Впрочем, этот всплеск недоверия не шел ни в какое сравнение с тем девятым валом, да куда там валом – цунами – полного неприятия моего пусть и бестолкового, но предельно правдивого рассказа об истории с Яшей, Якобом Мюнстерским, и возникновением странного рисунка на сгибе моей левой руки. Сомнению подвергся сам факт физического существования Яши, а уж тем более всплывшего по ходу рассказа Алика Балмута.
Ольгред тут же уселся за компьютер – наводить необходимые справки «через наших людей в ментуре». Упоминание о таковых меня расстроило. Все-таки подсознательно я все еще рассчитывал, что органы правопорядка в этой странной истории на моей стороне, и вдруг отворится дверь и наряд бравого спецназа… А вот тебе фиг, Сережа!..
В ментуре у этих типов тоже свои люди…
В ожидании ответов на свои запросы Ольгред несколько расслабился, стрельнул у Дуппельмейера еще одну сигарету и, рассеянно поглядывая на мерцание экрана монитора, приступил к ликвидации моей безграмотности. Дуппельмейер, отойдя в дальний угол кабинета, занялся какими-то переговорами по своему мобильнику, хотя время от времени и вставлял замечания в наш разговор.
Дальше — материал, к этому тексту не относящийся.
(* Let $X_1,X_2,\dots$ be iid real random variables with common continuous distribution function $F$, and suppose $F\in\mathcal{D}(G)$ with norming constants $a_n>0$, $b_n\in\mathbb{R}$. Then for every $x\in\mathbb{R}$ (at which $G$ is continuous), \[ \Pr\left(\frac{X_n-b_n}{a_n}\le x\ \Big|\ X_n\text{ is a record}\right)\to G(x),\qquad n\to\infty. \]
   Context: $X_m$ is a record if $X_m>\max(X_1,\dots,X_{m-1})$; $X_1$ is always a record. $F\in\mathcal{D}(G)$ (max-domain of attraction) means that there exist $a_n>0$, $b_n\in\mathbb{R}$ with $F^n(a_nx+b_n)\to G(x)$ as $n\to\infty$ at all continuity points $x$ of a non-degenerate distribution function $G$; then $G$ is a univariate extreme value distribution $G_\alpha(x)=\exp(-(1+\alpha x)^{-1/\alpha})$, $1+\alpha x>0$ (with $G_0(x)=\exp(-e^{-x})$), up to location and scale. *)

From HB Require Import structures.
From mathcomp Require Import all_boot all_order all_algebra.
From mathcomp Require Import all_classical all_reals all_analysis.
Set Implicit Arguments. Unset Strict Implicit. Unset Printing Implicit Defensive.
Import Order.TTheory GRing.Theory Num.Theory.
Import numFieldNormedType.Exports.
Local Open Scope classical_set_scope.
Local Open Scope ring_scope.

(* The sequence X_1, X_2, ... is indexed by positive naturals; X 0 is ignored. *)

Definition mutually_independent_from1 d (T : measurableType d) (R : realType)
  (P : probability T R) (X : nat -> {RV P >-> R}) : Prop :=
  forall (s : seq nat), uniq s -> all (fun i => (0 < i)%N) s ->
  forall (B : nat -> set R), (forall i, measurable (B i)) ->
  P (\bigcap_(i in [set` s]) (X i @^-1` B i)) =
  \big[*%E/1%E]_(i <- s) P (X i @^-1` B i).

Definition iid_with_df d (T : measurableType d) (R : realType)
  (P : probability T R) (X : nat -> {RV P >-> R}) (F : R -> R) : Prop :=
  mutually_independent_from1 X /\
  (forall n, (0 < n)%N -> forall x : R, cdf (X n) x = (F x)%:E).

Definition is_distribution_function (R : realType) (G : R -> R) : Prop :=
  {homo G : x y / x <= y} /\
  (forall x : R, G @ x^'+ --> G x) /\
  G @ -oo --> (0 : R) /\
  G @ +oo --> (1 : R).

Definition nondegenerate (R : realType) (G : R -> R) : Prop :=
  exists x : R, 0 < G x < 1.

Definition max_domain_of_attraction (R : realType) (F G : R -> R)
  (a b : nat -> R) : Prop :=
  (forall n, (0 < n)%N -> 0 < a n) /\
  is_distribution_function G /\ nondegenerate G /\
  (forall x : R, {for x, continuous G} ->
     (fun n => F (a n * x + b n) ^+ n) @ \oo --> G x).

Definition is_record d (T : measurableType d) (R : realType)
  (P : probability T R) (X : nat -> {RV P >-> R}) (n : nat) : set T :=
  [set w | forall m, (0 < m < n)%N -> X m w < X n w].

Definition cond_prob d (T : measurableType d) (R : realType)
  (P : probability T R) (A B : set T) : R :=
  fine (P (A `&` B)) / fine (P B).

(* Let p(s) be the probability that X_(k+1) <= s and X_(k+1) is a record.
   Splitting according to whether X_(k+1) lies in ]s, t], independence shows
   that p(t) - p(s) lies between (F t - F s) F(s)^k and (F t - F s) F(t)^k:
   the lower and upper Riemann-Stieltjes sums of the integral of u^k du over
   [F s, F t].  Since F is continuous, it takes every value in ]0, F s], so
   these sums can be made arbitrarily fine and p = F^(k+1) / (k+1).  Letting
   s go to +oo gives P(X_(k+1) is a record) = 1 / (k+1), hence the conditional
   probability in the theorem is exactly F(a_n x + b_n)^n, which tends to G(x)
   by the domain-of-attraction hypothesis. *)

From HB Require Import structures.
From mathcomp Require Import all_boot all_order all_algebra.
From mathcomp Require Import all_classical all_reals all_analysis.
From mathcomp Require Import measurable_realfun ring lra.
Import Order.TTheory GRing.Theory Num.Theory.
Import numFieldNormedType.Exports.
Local Open Scope classical_set_scope.
Local Open Scope ring_scope.

Set Implicit Arguments.
Unset Strict Implicit.
Unset Printing Implicit Defensive.

Lemma subrX_div_bounds (R : realFieldType) (u v : R) k : 0 <= v <= u ->
  (u - v) * v ^+ k <= (u ^+ k.+1 - v ^+ k.+1) / k.+1%:R <= (u - v) * u ^+ k.
Proof.
move=> /andP[v0 vu]; have u0 := le_trans v0 vu.
have Xle j : v ^+ j <= u ^+ j by rewrite lerXn2r ?nnegrE.
have mid i : (i <= k)%N -> v ^+ k <= u ^+ (k - i) * v ^+ i <= u ^+ k.
  move=> ik; have split_k w : w ^+ k = w ^+ (k - i) * w ^+ i.
    by rewrite -exprD subnK.
  by rewrite !split_k ler_wpM2r ?exprn_ge0 ?Xle // ler_wpM2l ?exprn_ge0 ?Xle.
have k0 : 0 < k.+1%:R :> R by rewrite ltr0n.
have sum_const w : w * k.+1%:R = \sum_(i < k.+1) w.
  by rewrite sumr_const card_ord mulr_natr.
rewrite ler_pdivlMr // ler_pdivrMr // subrXX -!mulrA !ler_wpM2l ?subr_ge0 //.
all: by rewrite sum_const; apply: ler_sum => i _; case/andP: (mid i (leq_ord i)).
Qed.

Section pinched_increments.
Variables (R : archiRealFieldType) (c p : R -> R) (k : nat).
Hypothesis c_ge0 : forall s, 0 <= c s.
Hypothesis c_le1 : forall s, c s <= 1.
Hypothesis c_nondecreasing : {homo c : s t / s <= t}.
Hypothesis c_level : forall s v, 0 < v <= c s -> exists2 s', s' <= s & c s' = v.
Hypothesis p_bounds : forall s, 0 <= p s <= c s ^+ k.+1.
Hypothesis p_increment : forall s t, s <= t ->
  p s + (c t - c s) * c s ^+ k <= p t <= p s + (c t - c s) * c t ^+ k.

Let dev s := p s - c s ^+ k.+1 / k.+1%:R.

Lemma dev_increment s t : s <= t ->
  `|dev t - dev s| <= (c t - c s) * (c t ^+ k - c s ^+ k).
Proof.
move=> st; have /andP[p_lo p_hi] := p_increment st.
have /andP[i_lo i_hi] :=
  subrX_div_bounds k (introT andP (conj (c_ge0 s) (c_nondecreasing st))).
have -> : dev t - dev s = p t - p s - (c t ^+ k.+1 - c s ^+ k.+1) / k.+1%:R.
  by rewrite /dev; ring.
rewrite ler_norml mulrBr; move: p_lo p_hi i_lo i_hi.
set L := (c t - c s) * c s ^+ k; set U := (c t - c s) * c t ^+ k.
set I := (_ - _) / _; move=> *; apply/andP; split; lra.
Qed.

Lemma dev_bound s : `|dev s| <= c s.
Proof.
have /andP[p0 p1] := p_bounds s.
have k0 : 0 < k.+1%:R :> R by rewrite ltr0n.
have ck1 : c s ^+ k.+1 <= c s by rewrite exprS ler_piMr // exprn_ile1.
have q0 : 0 <= c s ^+ k.+1 / k.+1%:R by rewrite divr_ge0 ?exprn_ge0.
have q1 : c s ^+ k.+1 / k.+1%:R <= c s ^+ k.+1.
  by rewrite ler_pdivrMr // ler_peMr ?exprn_ge0 // ler1n.
rewrite ler_norml /dev; move: q0 q1 p1 ck1; set q := _ / _; set x := _ ^+ _.
by move=> *; apply/andP; split; lra.
Qed.

(* Climb the levels c t * j / N, j = 1 .. N, reached through [c_level]: the
   increment bounds of consecutive levels telescope. *)
Lemma dev_grid t N : 0 < c t -> (0 < N)%N -> forall j s, (0 < j <= N)%N ->
  c s = c t * j%:R / N%:R -> `|dev s| <= c t / N%:R * (1 + c s ^+ k).
Proof.
move=> ct0 N0; have Npos : 0 < N%:R :> R by rewrite ltr0n.
have step_ge0 : 0 <= c t / N%:R by rewrite divr_ge0 ?ltW.
elim=> [//|[|j] IH] s /andP[_ jN] cs.
  apply: le_trans (dev_bound s) _; rewrite cs mulr1 ler_peMr //.
  by rewrite lerDl exprn_ge0.
have v0 : 0 < c t * j.+1%:R / N%:R by rewrite divr_gt0 // mulr_gt0 // ltr0n.
have vs : c t * j.+1%:R / N%:R <= c s.
  by rewrite cs ler_pM2r ?invr_gt0 // ler_pM2l // ler_nat.
have [s' s's cs'] := c_level (introT andP (conj v0 vs)).
have IH' := IH s' (ltnW jN) cs'.
have incr := dev_increment s's.
have dc : c s - c s' = c t / N%:R.
  by rewrite cs cs' -[j.+2]addn1 natrD; field; rewrite lt0r_neq0.
rewrite dc in incr.
have tri : `|dev s| <= `|dev s'| + `|dev s - dev s'|.
  by have := ler_normD (dev s') (dev s - dev s'); rewrite addrC subrK.
move: tri IH' incr; rewrite mulrBr mulrDr mulr1; lra.
Qed.

Lemma pinched_increments_eq s : p s = c s ^+ k.+1 / k.+1%:R.
Proof.
apply/eqP; rewrite -subr_eq0 -normr_le0; have [cs0|cs0] := eqVneq (c s) 0.
  by rewrite -cs0 dev_bound.
have cs_gt0 : 0 < c s by rewrite lt0r cs0 c_ge0.
apply/ler_addgt0Pr => e e0; rewrite add0r -/(dev s).
pose N := (Num.truncn (2 / e)).+1.
have Npos : 0 < N%:R :> R by rewrite ltr0n.
have csN : c s = c s * N%:R / N%:R by rewrite mulfK // lt0r_neq0.
have := @dev_grid s N cs_gt0 (ltn0Sn _) N s (leqnn N) csN.
move/le_trans; apply; apply: le_trans (_ : 2 / N%:R <= e).
  rewrite mulrAC ler_pM2r ?invr_gt0 // -[2]/(1 + 1 : R) mulrDr mulr1.
  by rewrite lerD // mulr_ile1 ?exprn_ge0 ?exprn_ile1.
by rewrite ler_pdivrMr // mulrC -ler_pdivrMr // ltW // truncnS_gt.
Qed.

End pinched_increments.

Section records.
Context d (T : measurableType d) (R : realType) (P : probability T R)
  (X : nat -> {RV P >-> R}).

Definition prefix_max_le k r := [set w | forall m, (0 < m < k.+1)%N -> X m w <= r].

Definition record_le k s := X k.+1 @^-1` `]-oo, s] `&` is_record X k.+1.

Lemma measurable_prefix_max_le k r : measurable (prefix_max_le k r).
Proof.
have -> : prefix_max_le k r =
    \bigcap_(m in [set m | (0 < m < k.+1)%N]) X m @^-1` `]-oo, r].
  by apply/seteqP; split=> w h m /h; rewrite /= in_itv.
by apply: bigcap_measurableType => m _; exact: measurable_funPTI.
Qed.

Lemma measurable_is_record n : measurable (is_record X n).
Proof.
have -> : is_record X n =
    \bigcap_(m in [set m | (0 < m < n)%N]) [set w | X m w < X n w].
  by apply/seteqP; split=> w h m /h.
apply: bigcap_measurableType => m _; rewrite -[X in measurable X]setTI.
exact: (measurable_fun_ltr (measurable_funPT (X m)) (measurable_funPT (X n))).
Qed.

Lemma measurable_record_le k s : measurable (record_le k s).
Proof. exact: measurableI (measurable_funPTI _ _) (measurable_is_record _). Qed.

Variable F : R -> R.
Hypothesis XF : iid_with_df X F.

Lemma probability_Xle m r : (0 < m)%N -> P (X m @^-1` `]-oo, r]) = (F r)%:E.
Proof. by move=> m0; exact: XF.2 m m0 r. Qed.

Lemma F_ge0 r : 0 <= F r.
Proof. by rewrite -lee_fin -(probability_Xle r (ltn0Sn 0)). Qed.

Lemma F_le1 r : F r <= 1.
Proof. by rewrite -lee_fin -(probability_Xle r (ltn0Sn 0)); exact: cdf_le1. Qed.

Lemma F_nondecreasing : {homo F : s t / s <= t}.
Proof.
move=> s t st; rewrite -lee_fin -!(probability_Xle _ (ltn0Sn 0)).
exact: cdf_nondecreasing.
Qed.

Let F_fineE : F = fine \o cdf (X 1).
Proof. by apply/funext => r /=; rewrite (XF.2 1 (ltn0Sn 0) r). Qed.

Lemma F_cvgNy : F r @[r --> -oo] --> 0.
Proof. by rewrite F_fineE; apply: fine_cvg; exact: cvg_cdfNy0. Qed.

Lemma F_cvgy : F r @[r --> +oo] --> (1 : R).
Proof. by rewrite F_fineE; apply: fine_cvg; exact: cvg_cdfy1. Qed.

Lemma probability_Xgt m r : (0 < m)%N -> P (X m @^-1` `]r, +oo[) = (1 - F r)%:E.
Proof.
move=> m0; rewrite -setCitvl preimage_setC probability_setC ?probability_Xle //.
exact: (measurable_funPTI (X m) (measurable_itv `]-oo, r])).
Qed.

Lemma probability_Xitv m s t : (0 < m)%N -> s <= t ->
  P (X m @^-1` `]s, t]) = (F t - F s)%:E.
Proof.
move=> m0 st.
have -> : X m @^-1` `]s, t] = X m @^-1` `]-oo, t] `\` X m @^-1` `]-oo, s].
  apply/seteqP; split=> w /=; rewrite !in_itv /=.
    by move=> /andP[sw ->]; split => //; apply/negP; rewrite -ltNge.
  by move=> [-> /negP]; rewrite -ltNge => ->.
have mXle r : measurable (X m @^-1` `]-oo, r]) by exact: measurable_funPTI.
rewrite (measureD (mXle t) (mXle s)) ?setIidr.
- by rewrite EFinB -!(probability_Xle _ m0).
- by move=> w /=; rewrite !in_itv /= => ws; exact: le_trans ws st.
- exact: le_lt_trans (probability_le1 _ (mXle t)) (ltry 1).
Qed.

Lemma probability_X_prefix_max_le k A r : measurable A ->
  P (X k.+1 @^-1` A `&` prefix_max_le k r) = (P (X k.+1 @^-1` A) * (F r ^+ k)%:E)%E.
Proof.
move=> mA; pose B i : set R := if i == k.+1 then A else `]-oo, r]%classic.
have mB i : measurable (B i) by rewrite /B; case: ifP.
have s_uniq : uniq (k.+1 :: iota 1 k) by rewrite /= iota_uniq mem_iota ltnn andbF.
have s_pos : all (fun i => (0 < i)%N) (k.+1 :: iota 1 k).
  by apply/allP => i; rewrite inE mem_iota => /orP[/eqP ->|/andP[]].
have earlier i : (i \in iota 1 k) = (0 < i < k.+1)%N by rewrite mem_iota add1n.
have := XF.1 _ s_uniq s_pos _ mB.
have -> : \bigcap_(i in [set` k.+1 :: iota 1 k]) X i @^-1` B i =
    X k.+1 @^-1` A `&` prefix_max_le k r.
  apply/seteqP; split=> w.
    move=> h; split.
      by have := h k.+1; rewrite /B eqxx; apply; rewrite /= inE eqxx.
    move=> i /= ik; have := h i.
    rewrite /B (ltn_eqF (proj2 (andP ik))) /= in_itv; apply.
    by rewrite /= inE earlier ik orbT.
  move=> [wA wr] i /=; rewrite inE earlier /B => /orP[/eqP ->|ik].
    by rewrite eqxx.
  by rewrite ltn_eqF ?(proj2 (andP ik)) //= in_itv /= wr.
move=> ->; rewrite big_cons /B eqxx; congr (_ * _)%E.
rewrite (eq_big_seq (fun=> (F r)%:E)) => [|i]; last first.
  by rewrite earlier => /andP[i0 ik]; rewrite ltn_eqF // probability_Xle.
by rewrite prodEFin big_const_seq count_predT size_iota iter_mulr_1.
Qed.

Let band k s t r := X k.+1 @^-1` `]s, t] `&` prefix_max_le k r.

Let measurable_band k s t r : measurable (band k s t r).
Proof. exact: measurableI (measurable_funPTI _ _) (measurable_prefix_max_le _ _). Qed.

Let probability_band k s t r : s <= t ->
  P (band k s t r) = ((F t - F s) * F r ^+ k)%:E.
Proof.
by move=> st; rewrite probability_X_prefix_max_le ?probability_Xitv.
Qed.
Разговор, собственно, был монологом Ольгреда. Я предпочитал сохранять ядовитое молчание.
– Ты напрасно, Сережа, на нас дуешься словно мышь на крупу, – со своим прежним деланным добродушием вразумлял меня Ольгред. – Все совсем не так, как тебе кажется. Считай, что тебе повезло. Ну…
Тут он обрисовал своей сигаретой в воздухе сложной конфигурации загогулину.
– Ну и не повезло в то же время…
Он немного подождал – не задам ли я подходящего вопроса по случаю столь парадоксальной оценки странного поворота моей судьбы. Не дождавшись, он несколько разочарованно продолжил:
– Повезло тебе, Сережа, потому, что из миллиона ты один несешь на себе Знак. Нам с тобой тоже повезло, Сережа: за одного такого, как ты, платят столько, что хватает не только себя, но и потомков своих до седьмого колена обеспечить. Причем очень хорошо обеспечить… Ты не бойся, – спохватился он, – таких, как ты, не на органы для пересадки продают… И не в дома терпимости для педиков. И не в Чечню – на предмет работорговли. Ты… Такие, как ты, как боги живут там… Правда, бывает недолго… Но… Ты же у нас будешь умником?
Я продолжал молчать.
– Понимаешь, – покрутив головой в знак недовольства моей несговорчивостью, продолжил он, – всем нам хочется прожить жизнь, может быть, и короткую, но зато полную приключений и как бы тебе сказать… ну значимую, что ли… Так вот, это будет дано тебе. А нам, грешным, нет!
Он вдруг нервно затянулся сигаретой, словно поймал себя на чем-то, что его как-то выдало, ослабило его позицию.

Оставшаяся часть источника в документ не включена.